▶ [Task statement]:
Copy word for word, please, the lines of the entries below running from the one containing "Lemma big_ffun_cons (R" to the one containing "rewrite pair_big.", both ends included.
*-*-*
(* Let $q$ be a prime power and let $n, t, m$ be positive integers with $t \geq m$. Choose a sequence $S=(g_1,\dots,g_t)$ of $t$ vectors of $\mathbb{F}_q^n$ uniformly at random (each $g_i$ independently and uniformly in $\mathbb{F}_q^n$). Then $$\mathbb{P}[e_m(S)=0]\leq \left(\frac{m}{q}\right)^{n}.$$
   Context: $\mathbb{F}_q^n$ is viewed as a commutative ring with coordinatewise addition and multiplication. For elements $g_1,\dots,g_t$ of a commutative ring, $e_m(g_1,\dots,g_t)=\sum_{1\leq i_1<\cdots<i_m\leq t}\prod_{j=1}^m g_{i_j}$ is the $m$-th elementary symmetric polynomial evaluated at them. *)

From HB Require Import structures.
From mathcomp Require Import all_boot all_order all_algebra all_field.
Set Implicit Arguments. Unset Strict Implicit. Unset Printing Implicit Defensive.
Import Order.TTheory GRing.Theory Num.Theory.
Local Open Scope ring_scope.

Definition esym_eval (R : pzSemiRingType) (t m : nat) (g : 'I_t -> R) : R :=
  \sum_(I : {set 'I_t} | #|I| == m) \prod_(i in I) g i.

Notation vec F n := {ffun 'I_n -> F}.

Definition prob_esym_zero (F : finFieldType) (n t m : nat) : rat :=
  (#|[set S : {ffun 'I_t -> vec F n} | esym_eval m S == 0]|%:R
   / #|{ffun 'I_t -> vec F n}|%:R).

From HB Require Import structures.
From mathcomp Require Import all_boot all_order all_algebra all_field.
From mathcomp Require Import zify.
Set Implicit Arguments. Unset Strict Implicit. Unset Printing Implicit Defensive.
Import Order.TTheory GRing.Theory Num.Theory.
Local Open Scope ring_scope.

(* Since e_(m+1)(a, y) = a e_m(y) + e_(m+1)(y) is affine in a, for each y it
   has at most one root a unless e_m(y) = 0.  Hence the number Z(t, m) of
   zeros of e_m in F^t satisfies Z(t+1, m+1) <= q^t + (q-1) Z(t, m), and as
   e_0 = 1 never vanishes, induction gives q Z(t, m) <= m q^t.  A sequence of
   vectors of F^n is a zero of e_m iff each of its n coordinate sequences is,
   so the zeros in (F^n)^t number exactly Z(t, m)^n. *)

Definition ffun_cons (T : Type) t (a : T) (y : {ffun 'I_t -> T}) :
  {ffun 'I_t.+1 -> T} :=
  [ffun i => if unlift ord0 i is Some j then y j else a].

Lemma ffun_cons0 (T : Type) t (a : T) (y : {ffun 'I_t -> T}) :
  ffun_cons a y ord0 = a.
Proof. by rewrite ffunE unlift_none. Qed.

Lemma ffun_cons_lift (T : Type) t (a : T) (y : {ffun 'I_t -> T}) j :
  ffun_cons a y (lift ord0 j) = y j.
Proof. by rewrite ffunE liftK. Qed.

Section EsymCoef.

Variable R : comNzSemiRingType.

Lemma esym_eval0 t (g : 'I_t -> R) : esym_eval 0 g = 1.
Proof.
rewrite /esym_eval (eq_bigl (pred1 set0)) => [|I]; last by rewrite cards_eq0.
by rewrite big_pred1_eq big_set0.
Qed.

Lemma esym_eval_coef t m (g : 'I_t -> R) :
  esym_eval m g = (\prod_(i < t) (g i *: 'X + 1))`_m.
Proof.
rewrite bigA_distr /=.
under eq_bigr => I _.
  rewrite big_if /= big1_eq mulr1.
  under eq_bigr do rewrite -mul_polyC.
  rewrite big_split /= prodr_const -rmorph_prod /= mul_polyC.
over.
by rewrite coef_sumMXn; apply: eq_bigl => I; rewrite /= cardE.
Qed.

Lemma esym_eval_cons t m (a : R) (y : {ffun 'I_t -> R}) :
  esym_eval m.+1 (ffun_cons a y) = a * esym_eval m y + esym_eval m.+1 y.
Proof.
rewrite !esym_eval_coef big_ord_recl ffun_cons0.
under eq_bigr do rewrite ffun_cons_lift.
by rewrite mulrDl mul1r coefD -scalerAl coefZ coefXM.
Qed.

End EsymCoef.

Lemma big_ffun_cons (R : Type) (idx : R) (op : Monoid.com_law idx)
    (T : finType) t (F : {ffun 'I_t.+1 -> T} -> R) :
  \big[op/idx]_(x : {ffun 'I_t.+1 -> T}) F x =
  \big[op/idx]_(a : T) \big[op/idx]_(y : {ffun 'I_t -> T}) F (ffun_cons a y).
Proof.
rewrite pair_big.
rewrite (reindex (fun p : T * {ffun 'I_t -> T} => ffun_cons p.1 p.2)) //.
exists (fun x : {ffun 'I_t.+1 -> T} => (x ord0, [ffun j => x (lift ord0 j)])).
  move=> [a y] _ /=.
  rewrite ffun_cons0; congr pair.
  by apply/ffunP => j; rewrite ffunE ffun_cons_lift.
move=> x _ /=; apply/ffunP => i.
by rewrite ffunE; case: unliftP => [j ->|->]; rewrite ?ffunE.
Qed.

Lemma card_affine_eq0_le (R : finIdomainType) (c1 c0 : R) :
  (#|[set a : R | (a * c1 + c0 == 0)%R]| <= if (c1 == 0)%R then #|R| else 1)%N.
Proof.
case: eqP => [_ | /eqP c1_neq0]; first exact: max_card.
apply/card_le1_eqP => a b; rewrite !inE => /eqP ha /eqP hb.
apply: (mulIf c1_neq0); apply: (addIr c0); by rewrite ha hb.
Qed.

Definition esym_zero_set (R : finPzSemiRingType) t m : {set {ffun 'I_t -> R}} :=
  [set x : {ffun 'I_t -> R} | esym_eval m x == 0].

Section ScalarCount.

Variable F : finIdomainType.
Local Notation q := #|F|.

Let q_gt0 : (0 < q)%N. Proof. by apply/card_gt0P; exists 0. Qed.

Lemma card_esym_zero_set_cons t m :
  (#|esym_zero_set F t.+1 m.+1| <= q ^ t + #|esym_zero_set F t m| * q.-1)%N.
Proof.
set Z := esym_zero_set F t m.
have -> : #|esym_zero_set F t.+1 m.+1| =
    (\sum_(y : {ffun 'I_t -> F})
       #|[set a : F | (a * esym_eval m y + esym_eval m.+1 y == 0)%R]|)%N.
  rewrite -sum1_card big_mkcond big_ffun_cons exchange_big /=.
  apply: eq_bigr => y _; rewrite -sum1_card [RHS]big_mkcond /=.
  by apply: eq_bigr => a _; rewrite !inE esym_eval_cons.
have -> : (q ^ t + #|Z| * q.-1 =
           \sum_(y : {ffun 'I_t -> F}) (1 + (y \in Z) * q.-1))%N.
  rewrite big_split /= sum1_card card_ffun card_ord; congr (_ + _)%N.
  rewrite -sum1_card big_distrl [LHS]big_mkcond /=.
  by apply: eq_bigr => y _; case: (y \in Z).
apply: leq_sum => y _; apply: leq_trans (card_affine_eq0_le _ _) _.
by rewrite inE; case: (_ == 0); rewrite ?mul1n ?add1n ?prednK.
Qed.

Lemma card_esym_zero_set_le t m : (m <= t)%N ->
  (#|esym_zero_set F t m| * q <= m * q ^ t)%N.
Proof.
have zero_set0 t' : esym_zero_set F t' 0 = set0.
  by apply/setP => x; rewrite !inE esym_eval0 oner_eq0.
elim: t m => [|t IHt] [|m] //= le_mt; rewrite ?zero_set0 ?cards0 //.
have := IHt m le_mt; have := card_esym_zero_set_cons t m; rewrite expnS.
case: q q_gt0 => // q' _ /=; nia.
Qed.

End ScalarCount.

Lemma prod_ffunE (aT : finType) (R : pzSemiRingType) (I : Type) (r : seq I)
    (P : pred I) (F : I -> {ffun aT -> R}) x :
  (\prod_(i <- r | P i) F i) x = \prod_(i <- r | P i) F i x.
Proof. by elim/big_rec2: _ => [|i _ y _ <-]; rewrite !ffunE. Qed.

Definition ffun_transpose (aT bT : finType) (T : Type)
    (S : {ffun aT -> {ffun bT -> T}}) : {ffun bT -> {ffun aT -> T}} :=
  [ffun b => [ffun a => S a b]].

Lemma ffun_transposeK (aT bT : finType) (T : Type) :
  cancel (@ffun_transpose aT bT T) (@ffun_transpose bT aT T).
Proof. by move=> S; apply/ffunP => a; apply/ffunP => b; rewrite !ffunE. Qed.

Lemma esym_eval_ffunE (R : pzSemiRingType) (aT : finType) t m
    (S : {ffun 'I_t -> {ffun aT -> R}}) x :
  esym_eval m S x = esym_eval m (ffun_transpose S x).
Proof.
rewrite sum_ffunE; apply: eq_bigr => I _.
by rewrite prod_ffunE; apply: eq_bigr => i _; rewrite !ffunE.
Qed.

Lemma card_esym_eval_ffun_eq0 (R : finPzSemiRingType) (aT : finType) t m :
  #|[set S : {ffun 'I_t -> {ffun aT -> R}} | esym_eval m S == 0]| =
  (#|esym_zero_set R t m| ^ #|aT|)%N.
Proof.
rewrite -card_ffun_on.
rewrite -(on_card_preimset (f := @ffun_transpose _ aT R)); last first.
  by apply: onW_bij; exists (@ffun_transpose _ _ R); apply: ffun_transposeK.
apply: eq_card => S; rewrite !inE.
apply/eqP/forallP => [S0 x | S0].
  by rewrite inE -esym_eval_ffunE S0 ffunE.
apply/ffunP => x.
by move: (S0 x); rewrite inE esym_eval_ffunE [RHS]ffunE => /eqP.
Qed.

Theorem proposition2p2 (F : finFieldType) (n t m : nat)
  (hn : (0 < n)%N) (ht : (0 < t)%N) (hm : (0 < m)%N) (htm : (m <= t)%N) :
  prob_esym_zero F n t m <= ((m%:R : rat) / (#|F|%:R)) ^+ n.
Proof.
have q_gt0 : (0 < #|F|)%N by apply/card_gt0P; exists 0.
have scalar_bound :
    #|esym_zero_set F t m|%:R / #|F|%:R ^+ t <= m%:R / #|F|%:R :> rat.
  rewrite -natrX ler_pdivrMr ?ltr0n ?expn_gt0 ?q_gt0 //.
  rewrite mulrAC ler_pdivlMr ?ltr0n //.
  by rewrite -!natrM ler_nat card_esym_zero_set_le.
rewrite /prob_esym_zero card_esym_eval_ffun_eq0 !card_ffun !card_ord.
rewrite expnAC !natrX -expr_div_n.
by apply: lerXn2r; rewrite // nnegrE divr_ge0 ?exprn_ge0.
Qed.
*-*-*
▶ [Answer section]:
Lemma big_ffun_cons (R : Type) (idx : R) (op : Monoid.com_law idx)
    (T : finType) t (F : {ffun 'I_t.+1 -> T} -> R) :
  \big[op/idx]_(x : {ffun 'I_t.+1 -> T}) F x =
  \big[op/idx]_(a : T) \big[op/idx]_(y : {ffun 'I_t -> T}) F (ffun_cons a y).
Proof.
rewrite pair_big.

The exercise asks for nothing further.